Four Waterproof Flooring Terms that You Need to Know

Four Waterproof Flooring Terms that You Need to Know

We get this kind of question a lot: "How can a plank floor really be waterproof? Won't a flood of water eventually get through the seams to my subfloor?"

Yes. It absolutely can. There is no floor covering - laminate, vinyl, hardwood, cork - none we can think of that will keep water from getting to your subfloor if there is a flood, or if a big spill is unattended for too long or water seeps up through a concrete subfloor. So what do we mean by these terms? Is it just a big bait-and-switch? No, there may be some difficult to avoid confusion, but we really are saying what we mean. Let me try to clear up these seeming equivocations.  

Two Things Our Floors Can Be


What does this mean? It means that the flooring itself, the planks or tiles, are impervious to damage from water and humidity. A steam room, a big spill, even a full on flood that badly damages your home will not hurt these planks. If you have a flood, you have a mess, but once that mess has been taken care of, you will still have this floor to put right back down. That is not likely to happen with laminate, hardwood, bamboo and carpet, to be sure. Most floors do not handle standing water water well, and almost none can withstand a flood. As of press time, we have two 100% waterproof floors that will do both, our click-together and loose lay vinyl plank products.
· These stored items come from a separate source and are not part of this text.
(* Well-order lambda^+ so that every proper initial segment has size at most
   lambda, and colour a pair y < z by an injection of the segment below z into
   lambda.  Then every vertex has at most one smaller neighbour of each colour,
   so each colour class is a forest.  A vertex set with at least three elements
   stays connected after deleting at most one vertex if it is highly connected;
   but a connected forest on three vertices has a vertex with two neighbours,
   and deleting it separates them. *)

From Stdlib Require Import Relations Relation_Operators Classical.
From Stdlib Require Import ClassicalEpsilon ProofIrrelevance.
From mathcomp Require Import ssreflect ssrfun ssrbool eqtype.
From mathcomp Require boolp wochoice.

Lemma proj1_sig_inj {K : Type} (P : K -> Prop) (s t : {x | P x}) :
  proj1_sig s = proj1_sig t -> s = t.
Proof. exact: eq_sig_hprop (fun x => proof_irrelevance (P x)) s t. Qed.

Lemma card_le_trans {A B C : Type} : card_le A B -> card_le B C -> card_le A C.
Proof. by move=> [f f_inj] [g g_inj]; exists (fun a => g (f a)) => x y /g_inj/f_inj. Qed.

Lemma card_le_lt_trans {A B C : Type} : card_le A B -> card_lt B C -> card_lt A C.
Proof.
move=> AB [BC not_CB]; split; first exact: card_le_trans BC.
by move=> CA; apply: not_CB; apply: card_le_trans AB.
Qed.

Lemma card_le_sig {K : Type} (P : K -> Prop) : card_le {x | P x} K.
Proof. by exists (@proj1_sig _ _) => s t /proj1_sig_inj. Qed.

Section WellOrdering.
Import boolp wochoice.

Lemma exists_well_order (K : Type) : exists R : K -> K -> Prop,
  (forall x y, R x y -> R y x -> x = y) /\
  (forall A : K -> Prop, (exists x, A x) -> exists m, A m /\ forall x, A x -> R m x).
Proof.
have [R R_wo] := well_ordering_principle {classic K}.
have R_anti := wo_chain_antisymmetric (withinW (A := predT) R_wo).
exists R; split=> [x y Rxy Ryx|A [x Ax]].
  by apply: (R_anti x y isT isT); rewrite Rxy Ryx.
have [|m [[Am m_min] _]] := R_wo [pred z | `[< A z >]].
  by exists x; rewrite inE; apply/asboolP.
exists m; split; first by move: Am; rewrite inE => /asboolP.
by move=> y Ay; apply: m_min; rewrite inE; apply/asboolP.
Qed.

End WellOrdering.

Record strict_total_order {K : Type} (lt : K -> K -> Prop) : Prop := {
  sto_irrefl : forall x, ~ lt x x;
  sto_trans : forall x y z, lt x y -> lt y z -> lt x z;
  sto_total : forall x y, x <> y -> lt x y \/ lt y x }.

Lemma strict_total_order_pullback {A B : Type} (h : A -> B) (lt : B -> B -> Prop) :
  (forall x y, h x = h y -> x = y) -> strict_total_order lt ->
  strict_total_order (fun x y => lt (h x) (h y)).
Proof.
move=> h_inj [irr tr tot]; split=> [x|x y z|x y neq]; [exact: irr | exact: tr |].
by apply: tot => /h_inj.
Qed.

Lemma card_le_segment_pullback {A B : Type} (h : A -> B) (lt : B -> B -> Prop) (y : A) :
  (forall x y, h x = h y -> x = y) ->
  card_le {x | lt (h x) (h y)} {z | lt z (h y)}.
Proof.
move=> h_inj; exists (fun s : {x | lt (h x) (h y)} =>
  exist (fun z => lt z (h y)) (h (proj1_sig s)) (proj2_sig s)).
by move=> s t [/h_inj st]; apply: proj1_sig_inj.
Qed.

Lemma exists_strict_well_order (K : Type) : exists lt : K -> K -> Prop,
  strict_total_order lt /\
  forall A : K -> Prop, (exists x, A x) -> exists m, A m /\ forall x, A x -> ~ lt x m.
Proof.
have [R [R_anti R_min]] := exists_well_order K.
have R_total x y : R x y \/ R y x.
  have [m [[->|->] m_min]] := R_min (fun z => z = x \/ z = y) (ex_intro _ x (or_introl erefl)).
    by left; apply: m_min; right.
  by right; apply: m_min; left.
exists (fun x y => R x y /\ x <> y); split.
  split=> [x [_ //]|x y z [Rxy nxy] [Ryz nyz]|x y nxy].
  - split; last by move=> xz; subst z; apply: nxy; apply: R_anti.
    have [m [Em m_min]] :=
      R_min (fun w => w = x \/ w = y \/ w = z) (ex_intro _ x (or_introl erefl)).
    case: Em => [Em|[Em|Em]]; subst m; first by apply: m_min; right; right.
      by case: nxy; apply: R_anti => //; apply: m_min; left.
    by case: nyz; apply: R_anti => //; apply: m_min; right; left.
  - by case: (R_total x y) => ?; [left | right]; split=> // eq; apply: nxy.
move=> A /R_min [m [Am m_min]]; exists m; split=> // x Ax [Rxm nxm].
by apply: nxm; apply: R_anti => //; apply: m_min.
Qed.

(* Pull the well order back along an injection of K into its first initial
   segment that is not of smaller cardinality than K, if there is one. *)
Lemma exists_order_small_segments (K : Type) : exists lt : K -> K -> Prop,
  strict_total_order lt /\ forall y, card_lt {x | lt x y} K.
Proof.
have [lt [lt_sto lt_min]] := exists_strict_well_order K.
case: (classic (forall y, card_lt {x | lt x y} K)) => [small|/not_all_ex_not big].
  by exists lt.
have [m [m_big m_min]] := lt_min _ big.
have [g g_inj] : card_le K {x | lt x m}.
  by apply: NNPP => not_le; apply: m_big; split; [exact: card_le_sig | exact: not_le].
pose h x := proj1_sig (g x).
have h_inj x y : h x = h y -> x = y by move/proj1_sig_inj/g_inj.
exists (fun x y => lt (h x) (h y)); split; first exact: strict_total_order_pullback.
move=> y; apply: (card_le_lt_trans (card_le_segment_pullback h lt y h_inj)).
by apply: NNPP => not_small; apply: (m_min (h y) not_small); exact: proj2_sig (g y).
Qed.

Lemma succ_card_order {L K : Type} : is_succ_card L K ->
  exists lt : K -> K -> Prop, strict_total_order lt /\ forall y, card_le {x | lt x y} L.
Proof.
move=> [_ K_least]; have [lt [lt_sto lt_small]] := exists_order_small_segments K.
by exists lt; split=> // y; apply: K_least.
Qed.

Lemma card_le_sig_extend {K L : Type} (P : K -> Prop) (l0 : L) :
  card_le {x | P x} L -> exists f : K -> L, forall x y, P x -> P y -> f x = f y -> x = y.
Proof.
move=> [g g_inj].
exists (fun x => if excluded_middle_informative (P x) is left Px then g (exist _ x Px) else l0).
move=> x y Px Py; case: excluded_middle_informative => // Px'.
case: excluded_middle_informative => // Py' /g_inj.
by move/(f_equal (@proj1_sig _ _)).
Qed.

(* Colour an edge by the position of its lower end inside the segment below its
   upper end: then no vertex has two lower neighbours of the same colour. *)
Lemma exists_colouring_injective_below {K L : Type} (lt : K -> K -> Prop) (l0 : L) :
  strict_total_order lt -> (forall y, card_le {x | lt x y} L) ->
  exists c : K -> K -> L, (forall x y, c x y = c y x) /\
    forall y1 y2 z, lt y1 z -> lt y2 z -> c y1 z = c y2 z -> y1 = y2.
Proof.
move=> [irr tr tot] small.
have [e e_inj] : exists e : K -> K -> L,
    forall z y1 y2, lt y1 z -> lt y2 z -> e z y1 = e z y2 -> y1 = y2.
  apply: (choice (fun z (f : K -> L) =>
    forall y1 y2, lt y1 z -> lt y2 z -> f y1 = f y2 -> y1 = y2)) => z.
  exact: card_le_sig_extend l0 (small z).
pose c x y := if excluded_middle_informative (lt x y) then e y x else e x y.
have c_lt x y : lt x y -> c x y = e y x.
  by rewrite /c; case: excluded_middle_informative.
have c_gt x y : lt y x -> c x y = e x y.
  rewrite /c; case: excluded_middle_informative => // xy yx.
  by case: (irr x); apply: tr yx.
exists c; split=> [x y|y1 y2 z y1z y2z]; last by rewrite !c_lt //; apply: e_inj.
case: (classic (x = y)) => [-> //|/tot [xy|yx]].
- by rewrite c_lt // c_gt.
- by rewrite c_gt // c_lt.
Qed.

Lemma clos_rt_invariant {K : Type} (R : relation K) (P : K -> Prop) :
  (forall x y, R x y -> P x -> P y) ->
  forall x y, clos_refl_trans K R x y -> P x -> P y.
Proof.
move=> R_P x y; elim=> [u v Ruv|//|u v w _ IHuv _ IHvw Pu].
  exact: R_P.
exact: IHvw (IHuv Pu).
Qed.

Lemma clos_rt_first_step {K : Type} {R : relation K} {x y : K} :
  clos_refl_trans K R x y -> x <> y -> exists z, R x z.
Proof.
move=> /(clos_rt_rt1n K R x y) xy; destruct xy as [|z w Rxz _]; first by [].
by exists z.
Qed.

Lemma three_distinct_avoid_two {K : Type} (a b d u v : K) :
  a <> b -> a <> d -> b <> d ->
  exists t, (t = a \/ t = b \/ t = d) /\ t <> u /\ t <> v.
Proof.
move=> ab ad bd.
case: (classic (a = u \/ a = v)) => [a_uv|]; last by exists a; tauto.
case: (classic (b = u \/ b = v)) => [b_uv|]; last by exists b; tauto.
by exists d; split; [tauto | split=> d_eq; subst d; intuition congruence].
Qed.

Section UniqueLowerNeighbour.

Context {K : Type} (lt adj : K -> K -> Prop).
Hypothesis lt_irrefl : forall x, ~ lt x x.
Hypothesis lt_trans : forall {x y z}, lt x y -> lt y z -> lt x z.
Hypothesis lt_total : forall {x y}, x <> y -> lt x y \/ lt y x.
Hypothesis adj_sym : forall {x y}, adj x y -> adj y x.
Hypothesis adj_irrefl : forall x, ~ adj x x.
Hypothesis lower_adj_uniq :
  forall {y1 y2 z}, lt y1 z -> lt y2 z -> adj y1 z -> adj y2 z -> y1 = y2.

Definition edge_in (V : K -> Prop) (x y : K) : Prop := V x /\ V y /\ adj x y.

Definition connected (V : K -> Prop) : Prop :=
  forall x y, V x -> V y -> clos_refl_trans K (edge_in V) x y.

Definition two_connected (X : K -> Prop) : Prop :=
  forall D : K -> Prop, (forall x y, D x -> D y -> x = y) -> (forall x, D x -> X x) ->
    connected (fun x => X x /\ ~ D x).

Definition ascent (u : K) : K -> Prop := clos_refl_trans K (fun y z => lt y z /\ adj y z) u.

Lemma ascent_ge {u z} : ascent u z -> z = u \/ lt u z.
Proof.
elim=> [x y [] | x | x y w _ IHxy _ IHyw]; [by right | by left |].
case: IHxy IHyw => [-> //|ux] [->|yw]; [by right | by right; exact: lt_trans ux yw].
Qed.

Lemma ascent_last {u z} : ascent u z -> z = u \/ exists y, ascent u y /\ lt y z /\ adj y z.
Proof.
move=> /(clos_rt_rtn1 K _ u z) uz; destruct uz as [|y z [yz adj_yz] uy]; first by left.
by right; exists y; split=> //; apply: clos_rtn1_rt.
Qed.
What doesn't this mean? It does not mean that these floors can be installed outside (see below). It also does not mean that your house or subfloor has been waterproofed, as if a big, single piece of plastic has been applied sealing off your concrete or wood subfloor. We would love that, but it hasn't been made yet (in a plank form).


Water Resistant

Usually this feature is listed for Laminate Flooring, and in flooring it means that the plank is designed to keep any spilled water up on the surface for as long as possible, so you can clean it up without any lasting damage. This is because the exposed part of laminate is in between the planks, where they join together. It's hard for a manufacturer to make an exact time claim, like "For a full 15 minutes!" but they are developing pretty amazing technologies to keep standing water from seeping between the planks and getting under, or into the material of, your flooring.

Things like waxed edges and a sealant called Click Guard aid in keeping the humidity and water at bay.

What doesn't this mean? 'Waterproof'. As well as they resist, there are no 100% waterproof laminate floors. The central 'core' of a laminate floor cannot yet be made impervious to H2O, and if a room floods, the laminate is very likely to become unusable.  

It's an important distinction. Waterproof is a big word. There is no wiggle room with that word. For the floor that says this word, it means "Water won't affect me - at all. Full stop." To illustrate this we did an Aquarium Test, putting a few different pieces of flooring in an aquarium full of water for three days to show the impact - or lack of one, in the case of our waterproof vinyl. Take a look.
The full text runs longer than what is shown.